I used to bristle when I saw some of you complaining about the "rubber stamping" of the BOA but now I'm with you. There are TOO many questions about this deal that have not been answered and it should not go forward until they are answered.

I've already called my alderman and told him to put away his "rubber stamp."

Posted by: cedarhillresident [TypeKey Profile Page] | February 26, 2008 4:50 PM

Darnell
Thank you for putting it in plain English! Also the fact about the sewer bill. Most do not realize that the deal was we get it cheap for 5 years. But after that 5 years is up the WPCA will be doubling there bill.

And my guess is that most do not read the NHI and will think great we are saving money. And we know main stream media will not do a story about it.

I don't think we will be able to stop it, but to have some control over the terms may be a compromise.

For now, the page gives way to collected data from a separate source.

(* Let $M(1)^+_m$ denote the weight-$m$ subspace of $M(1)^+$. Then $M(1)^+_{10}$ (which has dimension 22) is spanned by the vectors in $$L(-1)M(1)^+_9,\qquad L(-3)M(1)^+_7,\qquad (h(-1)^4\mathbf 1)_{-3}\,h(-1)^4\mathbf 1,\qquad L(-2)^5\mathbf 1.$$
   Context: Let $\mathfrak h=\mathbb C h$ with $\langle h,h\rangle=1$, Heisenberg algebra $[h(m),h(n)]=m\delta_{m+n,0}$. Let $M(1)=\mathbb C[h(-1),h(-2),\dots]\mathbf 1$ be the Heisenberg vertex operator algebra of central charge 1 (vacuum $\mathbf 1$, $Y(h(-1)\mathbf 1,z)=\sum_nh(n)z^{-n-1}$, $Y(h(-n_1)\cdots h(-n_k)\mathbf 1,z)={:}\partial_z^{(n_1-1)}h(z)\cdots\partial_z^{(n_k-1)}h(z){:}$), with conformal vector $\omega=\frac12h(-1)^2\mathbf 1$, $Y(\omega,z)=\sum_nL(n)z^{-n-2}$, and weight of $h(-n_1)\cdots h(-n_k)\mathbf 1$ equal to $\sum n_i$. For $u\in M(1)$, $Y(u,z)=\sum_nu_nz^{-n-1}$. Let $\theta$ act by $(-1)^k$ on monomials of length $k$ and $M(1)^+$ be its fixed-point subalgebra (spanned by monomials of even length). *)

(* The Heisenberg VOA M(1) of rank one, modelled as the
   commutative polynomial algebra C[x_0, x_1, x_2, ...] in countably many
   variables (multinomials' monoid algebra over commutative monomials
   {cmonom nat}); the variable x_i stands for h(-(i+1)), and the vacuum is 1. *)
From HB Require Import structures.
From mathcomp Require Import all_boot all_order all_algebra.
From mathcomp Require Import finmap.
From mathcomp Require Import monalg.

Set Implicit Arguments.
Unset Strict Implicit.
Unset Printing Implicit Defensive.

Import Order.TTheory GRing.Theory Num.Theory.
Local Open Scope ring_scope.

Section Heisenberg.
Variable C : numClosedFieldType.

Definition M1 := {malg C[{cmonom nat}]}.

Definition vac : M1 := 1.

(* h(-n) 1  (n >= 1), i.e. the variable x_(n-1) *)
Definition hv (n : nat) : M1 := << ucm (n.-1 : nat) >>.

Definition wtm (k : {cmonom nat}) : nat :=
  (\sum_(i <- finsupp k) k i * i.+1)%N.

Definition lenm (k : {cmonom nat}) : nat := mdeg k.

Definition wtb (v : M1) : nat := (\max_(k <- msupp v) wtm k)%N.

Definition dx (i : nat) (v : M1) : M1 :=
  mmap (fun c : C => c%:MP)
       (fun k : {cmonom nat} => (k i)%:R *: << divcm k (ucm i) >>) v.

(* action of the Heisenberg mode h(m) on M(1):
   h(-n) = multiplication by h(-n) (n > 0),
   h(n) = n d/dh(-n) (n > 0), h(0) = 0 (zero momentum). *)
Definition hmode (m : int) (v : M1) : M1 :=
  if (m < 0)%R then hv `|m|%N * v
  else if m == 0 then 0
  else m%:~R *: dx (`|m|%N).-1 v.

(* normally ordered product :h(m_1) ... h(m_r): applied to v
   (annihilation modes act first, creation modes are multiplications) *)
Fixpoint NO (ms : seq int) (v : M1) : M1 :=
  match ms with
  | [::] => v
  | m :: ms' =>
      if (m < 0)%R then hmode m (NO ms' v)
      else if m == 0 then 0
      else NO ms' (hmode m v)
  end.

Definition rangeZ (B : nat) : seq int :=
  [seq (i%:Z - B%:Z)%R | i <- iota 0 (B.*2.+1)].

Fixpoint tuplesZ (B : nat) (r : nat) : seq (seq int) :=
  match r with
  | 0 => [:: [::]]
  | r'.+1 => [seq m :: t | m <- rangeZ B, t <- tuplesZ B r']
  end.

Definition binomZ (a : int) (j : nat) : C :=
  (\prod_(i < j) (a - i%:Z)%:~R) / (j`!)%:R.

(* Modes of Y(u, z) = sum_n u_n z^(-n-1) for the monomial
   u = h(-n_1) ... h(-n_r) 1 (ns = [:: n_1; ...; n_r], all n_i >= 1):
   Y(u,z) = :d^(n_1-1) h(z) ... d^(n_r-1) h(z):, with
   d^(j) h(z) = sum_m binom(-m-1, j) h(m) z^(-m-1-j), so that
   u_n = sum_{m_1+...+m_r = n+1-(n_1+...+n_r)}
            prod_i binom(-m_i-1, n_i-1) :h(m_1)...h(m_r):.
   Applied to v, all terms with some |m_i| > wtb v + |n| + sum n_i + 1
   vanish (annihilation modes of total degree > wtb v kill v, and the
   creation modes are then bounded by the constraint on the sum), so the
   infinite sum is the finite sum below. *)
Definition Ymono (ns : seq nat) (n : int) (v : M1) : M1 :=
  let B := (wtb v + `|n| + sumn ns + 1)%N in
  \sum_(ms <- tuplesZ B (size ns) | \sum_(m <- ms) m == n + 1 - (sumn ns)%:Z)
     (\prod_(p <- zip ms ns) binomZ (- p.1 - 1) (p.2.-1)) *: NO ms v.
Lemma purity_gram : purity S a = \sum_t \sum_t' gram t t' * gram t' t.
Proof.
rewrite /purity.
under eq_bigr do under eq_bigr do rewrite !column_part !partD_sw !partE_sw.
rewrite (big_conf_split2 DUE disjDE (fun s t s' t' =>
   (column t s * column t' s')^* * (column t s' * column t' s))).
under eq_bigr do under eq_bigr do rewrite exchange_big /=.
rewrite exchange_big /=; apply: eq_bigr => t _.
rewrite exchange_big /=; apply: eq_bigr => t' _.
rewrite /gram /dotq big_distrl; apply: eq_bigr => s _ /=.
rewrite big_distrr; apply: eq_bigr => s' _ /=.
by rewrite rmorphM; ring.
Qed.

Lemma gram_conj t t' : (gram t t')^* = gram t' t.
Proof. exact: dotq_conj. Qed.

Lemma gram_mul_ge0 t t' : 0 <= gram t t' * gram t' t.
Proof. by rewrite -gram_conj -normCKC exprn_ge0. Qed.

Lemma purity_ge0 : 0 <= purity S a.
Proof.
rewrite purity_gram; apply: sumr_ge0 => t _.
by apply: sumr_ge0 => t' _; apply: gram_mul_ge0.
Qed.

Lemma dotq_column_tens t0 (v : {ffun conf E -> K}) :
  dotq a (tens Q (column t0) v) = \sum_t gram t t0 * v t.
Proof.
rewrite /dotq; under eq_bigr do rewrite ffunE column_part.
rewrite (big_conf_split DUE disjDE (fun s t => (column t s)^* * (column t0 s * v t))).
rewrite exchange_big; apply: eq_bigr => t _.
by rewrite /gram /dotq big_distrl; apply: eq_bigr => s _; rewrite mulrA.
Qed.

(* [purity S a] is the sum of the [w t = (gram^2) t t] and [dotq a a] the sum
   of the [gram t t]; averaging yields [t0] with [purity * gram t0 t0 <=
   dotq a a * w t0], and [column t0] tensored with the conjugated [t0]-th
   column of [gram] has overlap exactly [w t0] with [a]. *)
Lemma purity_le_tens : 0 < dotq a a ->
  exists (u : {ffun conf D -> K}) (v : {ffun conf E -> K}),
    [/\ 0 < dotq u u, 0 < dotq v v &
        purity S a * (dotq u u * dotq v v) <= dotq a a * `|dotq a (tens Q u v)| ^+ 2].
Proof.
move=> aa_gt0; pose w t := \sum_t' gram t t' * gram t' t.
have w_ge0 t : 0 <= w t by apply: sumr_ge0 => t' _; apply: gram_mul_ge0.
have gram0 t : gram t t = 0 -> w t = 0.
  move=> /eqP; rewrite dotq_eq0 => /eqP col0; rewrite /w big1 // => t' _.
  by rewrite /gram col0 /dotq big1 ?mul0r // => s _; rewrite ffunE rmorph0 mul0r.
have sg_gt0 : 0 < \sum_t gram t t by rewrite -dotq_gram.
have [t0 g_gt0 avg] :=
  exists_weighted_ge (fun t => dotq_ge0 (column t)) w_ge0 gram0 sg_gt0.
pose v := [ffun t => (gram t t0)^*].
have vv : dotq v v = w t0.
  by apply: eq_bigr => t _; rewrite ffunE conjCK gram_conj mulrC.
have overlap : dotq a (tens Q (column t0) v) = w t0.
  by rewrite dotq_column_tens; apply: eq_bigr => t _; rewrite ffunE gram_conj mulrC.
have w_gt0 : 0 < w t0.
  rewrite /w (bigD1 t0) //= ltr_wpDr ?mulr_gt0 //.
  by apply: sumr_ge0 => t' _; apply: gram_mul_ge0.
exists (column t0), v; split; rewrite ?vv //.
rewrite overlap (ger0_norm (ltW w_gt0)) purity_gram dotq_gram mulrA expr2 mulrA.
by have := ler_wpM2r (ltW w_gt0) avg.
Qed.

End Gram.

Definition cuts n (S Q : {set 'I_n}) := ~~ [disjoint Q & S] && ~~ (Q \subset S).

Section Bounds.
Variables (K : numClosedFieldType) (n : nat).
Implicit Types Q D S : {set 'I_n}.

Lemma eps_far_tens Q D (a : {ffun conf Q -> K}) (eps : K)
    (u : {ffun conf D -> K}) (v : {ffun conf (Q :\: D) -> K}) :
  D != set0 -> D \proper Q -> eps_far a eps -> 0 < dotq u u -> 0 < dotq v v ->
  `|dotq a (tens Q u v)| ^+ 2 <= (1 - eps ^+ 2) * (dotq u u * dotq v v).
Proof.
move=> D0 DQ far uu_gt0 vv_gt0.
have DUE := setUDS (proper_sub DQ); have disjDE := disjointSD D Q.
have u_state := normalize_state uu_gt0; have v_state := normalize_state vv_gt0.
have chi_state : is_state (tens Q (normalize u) (normalize v)).
  by rewrite /is_state (dotq_tens DUE disjDE) u_state v_state mulr1.
have chi_product : mproduct (tens Q (normalize u) (normalize v)).
  by exists D; split=> //; exists (normalize u), (normalize v).
have norm_scale : `|(sqrtC (dotq u u))^-1 * (sqrtC (dotq v v))^-1| ^+ 2 =
    (dotq u u * dotq v v)^-1.
  by rewrite normrM !normfV !ger0_norm ?sqrtC_ge0 ?ltW // exprMn !exprVn !sqrtCK invfM.
have := far _ chi_state chi_product.
rewrite /normalize tens_scalev dotq_scalevr normrM exprMn norm_scale mulrC.
by rewrite ler_pdivrMr ?mulr_gt0.
Qed.

Lemma purity_le Q S (a : {ffun conf Q -> K}) (c : K) :
  is_state a ->
  (forall (u : {ffun conf (Q :&: S) -> K}) (v : {ffun conf (Q :\: (Q :&: S)) -> K}),
     0 < dotq u u -> 0 < dotq v v ->
     `|dotq a (tens Q u v)| ^+ 2 <= c * (dotq u u * dotq v v)) ->
  purity S a <= c.
Proof.
move=> aa overlap_le.
have [|u [v [uu_gt0 vv_gt0 le_overlap]]] := purity_le_tens S (a := a).
  by rewrite aa ltr01.
rewrite aa mul1r in le_overlap.
by rewrite -(ler_pM2r (mulr_gt0 uu_gt0 vv_gt0)) (le_trans le_overlap) ?overlap_le.
Qed.

Lemma purity_le1 Q S (a : {ffun conf Q -> K}) : is_state a -> purity S a <= 1.
Proof.
move=> aa; apply: purity_le => // u v _ _.
rewrite -aa -(dotq_tens (setUDS (subsetIl Q S)) (disjointSD _ Q)).
exact: dotq_CauchySchwarz.
Qed.

Lemma purity_le_far Q S (a : {ffun conf Q -> K}) (eps : K) :
  cuts S Q -> is_state a -> eps_far a eps -> purity S a <= 1 - eps ^+ 2.
Proof.
move=> /andP[QS_meet QS_sub] aa far; apply: purity_le => // u v.
by apply: eps_far_tens => //; [rewrite setI_eq0 | apply: properIl].
Qed.

End Bounds.

Lemma cuts_or_cutsC n (C S : {set 'I_n}) :
  S != set0 -> S != [set: 'I_n] -> S != C -> S != ~: C -> cuts S C || cuts S (~: C).
Proof.
move=> S0 ST SC SC'; rewrite /cuts -!negb_or -negb_and; apply/negP=> /andP[hC hC'].
have trivI (X : {set 'I_n}) : [disjoint X & S] || (X \subset S) ->
    X :&: S = set0 \/ X :&: S = X.
  by case/orP=> [/disjoint_setI0 | /setIidPl]; [left | right].
have defS : S = (C :&: S) :|: (~: C :&: S) by rewrite -setIUl setUCr setTI.
case: (trivI _ hC) (trivI _ hC') defS => [] -> [] -> defS.
- by rewrite defS setU0 eqxx in S0.
- by rewrite defS set0U eqxx in SC'.
- by rewrite defS setU0 eqxx in SC.
- by rewrite defS setUCr eqxx in ST.
Qed.

Theorem corollary2p18 (K : numClosedFieldType) (n : nat) (C : {set 'I_n})
  (a : {ffun conf C -> K}) (b : {ffun conf (~: C) -> K}) (eps : K)
  (S : {set 'I_n}) :
  eps \is Num.real ->
  C != set0 -> C != [set: 'I_n] ->
  is_state a -> is_state b ->
  eps_far a eps -> eps_far b eps ->
  S != set0 -> S != [set: 'I_n] ->
  let psi : {ffun conf [set: 'I_n] -> K} := tens [set: 'I_n] a b in
  ((S == C) || (S == ~: C) -> swap_accept S psi = 1) /\
  (S != C -> S != ~: C -> swap_accept S psi <= 1 - eps ^+ 2 / 2).
Proof.
move=> _ _ _ sa sb fa fb S0 ST psi.
have CUC := setUCr C; have disjC : [disjoint C & ~: C] by rewrite disjoints_subset setCK.
have -> : swap_accept S psi = 2^-1 * (1 + purity S a * purity S b).
  rewrite swap_acceptE (dotq_tens CUC disjC) (purity_tens S a b CUC disjC).
  by rewrite sa sb mulr1 expr1n.
split.
  have half : 2^-1 * (1 + 1 * 1) = 1 :> K by rewrite mulr1 mulVf // pnatr_eq0.
  case/orP=> /eqP->.
    have disjCC : [disjoint ~: C & C] by rewrite disjoint_sym.
    by rewrite (purity_subset a (subxx C)) (purity_disjoint b disjCC) sa sb expr1n half.
  by rewrite (purity_disjoint a disjC) (purity_subset b (subxx _)) sa sb expr1n half.
move=> SC SC'; have key : purity S a * purity S b <= 1 - eps ^+ 2.
  case/orP: (cuts_or_cutsC S0 ST SC SC') => cut.
    apply: le_trans (purity_le_far cut sa fa).
    exact: ler_piMr (purity_ge0 _ _) (purity_le1 _ sb).
  rewrite mulrC; apply: le_trans (purity_le_far cut sb fb).
  exact: ler_piMr (purity_ge0 _ _) (purity_le1 _ sa).
rewrite (_ : 1 - eps ^+ 2 / 2 = 2^-1 * (1 + (1 - eps ^+ 2))); last by field.
by apply: ler_wpM2l; [rewrite invr_ge0 ler0n | rewrite lerD2l].
Qed.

This is all on top of all the tax increases, Gas UI ect. My pay check just does not rise that fast! Unless people like me are not suppose to be living here in 5 years!

Posted by: Gary Doyens | February 27, 2008 6:41 AM

The NH Register today puts even more meat on the bone of this questionable idea - DeStefano, Smuts et all are pushing so hard on this because they need it done, according to the article by July 1. The plan is to borrow the full $10.5 million from the bond market - $6 million would be prepaid against a 20 year lease. But of course, the cost of that borrowing would be passed on to taxpayers. This is a shell game that this administration repeats time and again. In the end, the fees and taxes just go up.

Posted by: cedarhillresident [TypeKey Profile Page] | February 27, 2008 10:07 AM

Ok We need to start up a revenue commission and go after Yale like they did in the 1980's!! When Danial's sold us out!